# Fender V-Mod Pickups



## Roryfan (Apr 19, 2010)

Was chatting with @Todd68 earlier today about the Am. Pro. Strats & he sent me this link on the different types of magnets used in the V-Mod pickups.

The Tele SCs are like a Duncan 5-2, but surprisingly enough the Strat pickups are “backwards”. FTR I’m not arguing with Tim Shaw, it just seemed a little counterintuitive to me. I wonder if he voiced them with a rosewood or maple board in mind?

How Pickup Guru Tim Shaw Powered the American Professional Series


----------



## Roryfan (Apr 19, 2010)

I’ve heard a few positive comments, but would love to get feedback from anyone who owns one of these Strats. How do the V-Mods stack up to other pickups you’ve tried?


----------



## TubeStack (Jul 16, 2009)

I love them in my new Am Pro, but can’t offer much comparison as it’s my first Strat. (Always played LPs/SGs). I’m curious to hear how they compare to Fat 50s, etc. They do seem on the hotter/more aggressive side.


----------



## TubeStack (Jul 16, 2009)

Guitar World reviews seem like paid ads, but here’s their remarks:

_“The Strat’s V-Mod pickups have the most appealing character I’ve heard from a Strat since Fender’s first John Mayer model, and the Tele’s V-Mod pickups are beefy and ballsy with twang that packs a solid punch.”

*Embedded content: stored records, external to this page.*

(* Let $p_1,\dots,p_n\ge0$, unit vectors $\vec a_1,\dots,\vec a_n\in\mathbb{R}^3$ with $\sum_ip_i=2$, $\sum_ip_i\vec a_i=\vec0$, and let $A^{1/2}_i=\frac{p_i}{2}\big(\mathds{1}+\tfrac12\vec a_i\cdot\vec\sigma\big)$. Let $f(\vec x)=\sum_ip_i\Theta(\vec x\cdot\vec a_i)$ and suppose (in the given coordinates) $f(\vec v_{s_xs_ys_z})\le1$ for all $(s_x,s_y,s_z)\in\{\pm1\}^3$. Define $$\alpha_i=\frac{p_i}{2}\Big(1-\frac14\sum_{s_x,s_y,s_z=\pm1}\Theta(\vec a_i\cdot\vec v_{s_xs_ys_z})\Big),$$ and for $\vec\lambda\in S_2$ with $s_k=\mathrm{sgn}(\lambda_k)$, $$p(i|\vec\lambda)=p_i\,\Theta(\vec a_i\cdot\vec v_{s_xs_ys_z})+\frac{(1-f(\vec v_{s_xs_ys_z}))\,\alpha_i}{\sum_j\alpha_j}$$ (with the second term taken to be $0$ if $\sum_j\alpha_j=0$). Then $\alpha_i\ge0$ for all $i$, $p(i|\vec\lambda)\ge0$, $\sum_ip(i|\vec\lambda)=1$ for all $\vec\lambda$, and $$\int_{S_2}p(i|\vec\lambda)\,\frac{1}{4\pi}(\mathds{1}+\vec\lambda\cdot\vec\sigma)\,\mathrm{d}\vec\lambda=A^{1/2}_i\quad\text{for all } i.$$ Moreover, $\sum_{s_x,s_y,s_z=\pm1}p_i\,\Theta(\vec a_i\cdot\vec v_{s_xs_ys_z})\,G_{s_xs_ys_z}=A^{1/2}_i-\alpha_i\mathds{1}$, where $G_{s_xs_ys_z}=\frac{\mathds{1}}{8}+\frac{\vec v_{s_xs_ys_z}\cdot\vec\sigma}{16}$.
   Context: $\Theta(x)=x$ for $x\ge0$ and $0$ for $x<0$; $\mathrm{sgn}(x)=+1$ if $x\ge0$ and $-1$ if $x<0$; $\vec v_{s_xs_ys_z}=(s_x,s_y,s_z)^T$; $\vec\sigma$ the Pauli vector; $S_2$ the unit sphere in $\mathbb{R}^3$ with surface measure $\mathrm{d}\vec\lambda$ of total mass $4\pi$. *)

From HB Require Import structures.
From mathcomp Require Import all_boot all_order all_algebra.
From mathcomp Require Import all_classical all_reals all_analysis.
From mathcomp Require Import complex.
Set Implicit Arguments. Unset Strict Implicit. Unset Printing Implicit Defensive.
Import Order.TTheory GRing.Theory Num.Theory.
Local Open Scope ring_scope.
Local Open Scope classical_set_scope.

Section Defs.
Variable R : realType.

Definition vec3 := 'rV[R]_3.
Definition dot3 (u v : vec3) : R := \sum_(k < 3) u 0 k * v 0 k.

Definition Theta (x : R) : R := if 0 <= x then x else 0.
Definition sgn (x : R) : R := if 0 <= x then 1 else -1.

(* Sign patterns (s_x,s_y,s_z) in {+-1}^3, encoded by booleans (true = +1). *)
Definition signs := {ffun 'I_3 -> bool}.
Definition vsgn (s : signs) : vec3 := \row_k (if s k then 1 else -1).
Definition vlam (lam : vec3) : vec3 := \row_k sgn (lam 0 k).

Review: Fender American Professional Stratocaster and Telecaster | Guitar World_


----------



## Roryfan (Apr 19, 2010)

TubeStack said:


> Guitar World reviews seem like paid ads, but here’s their remarks:
> 
> _“The Strat’s V-Mod pickups have the most appealing character I’ve heard from a Strat since Fender’s first John Mayer model, and the Tele’s V-Mod pickups are beefy and ballsy with twang that packs a solid punch.”
> 
> Review: Fender American Professional Stratocaster and Telecaster | Guitar World_


I don’t think they’ve ever given anything a bad review.


----------



## Shawn B. (Aug 10, 2012)

A bit off-topic I guess, but I bought an American professional Jazzmaster, and really did not like the V-mod pickups. They sounded like strat pickups, so I promptly replaced them with a Fender Pure Vintage '65 JM set. The image below is from the Mike and Mike Guitar Bar blog and shows a standard JM on the top and the VM JM pickup on the bottom. Not surprising it is strat-like!


----------



## Dorian2 (Jun 9, 2015)

Keep in mind this is coming from a guy who does not own a Strat....but. I tried out a Fender Pro with the V-Mods the other day at L&M. Not only did the Vmods sound fantastic through the little Pro Junior, but everything else about the guitar also surprisingly appealed to me and my playing style. I actually found a STart (aka: Strat....lol) that I liked playing for probably the first time.


----------



## mhammer (Nov 30, 2007)

Thanks for the link to the Fender site. I have a bunch of Alnico III and V polepieces in my bin and was planning on winding some experimental pickups once I get bored with making pedals. I hadn't realized that Fender was already combining such different Alnico types. This gives me a leg up!


----------



## nonsense (Aug 3, 2016)

I just bought a used Am Pro strat and I quite like the pickups. I haven't experimented much with height etc., but the way the last guy or gal had it set up, the pickups are more on the clear, bright, low-output side. Neck is very good, middle is fantastic, and also there's a bridge pickup. The treble loss in 2 and 4 is pretty notable, so players who use those in conjuction with the single positions may want to err on the bright side and roll tone back a bit if needed.

That said, given how much competing information is out there on the internet (it's more of a rock pickup! No, it's super weak compared to the fat 50s! Etc.), I assume these are pretty responsive to height adjustments.


----------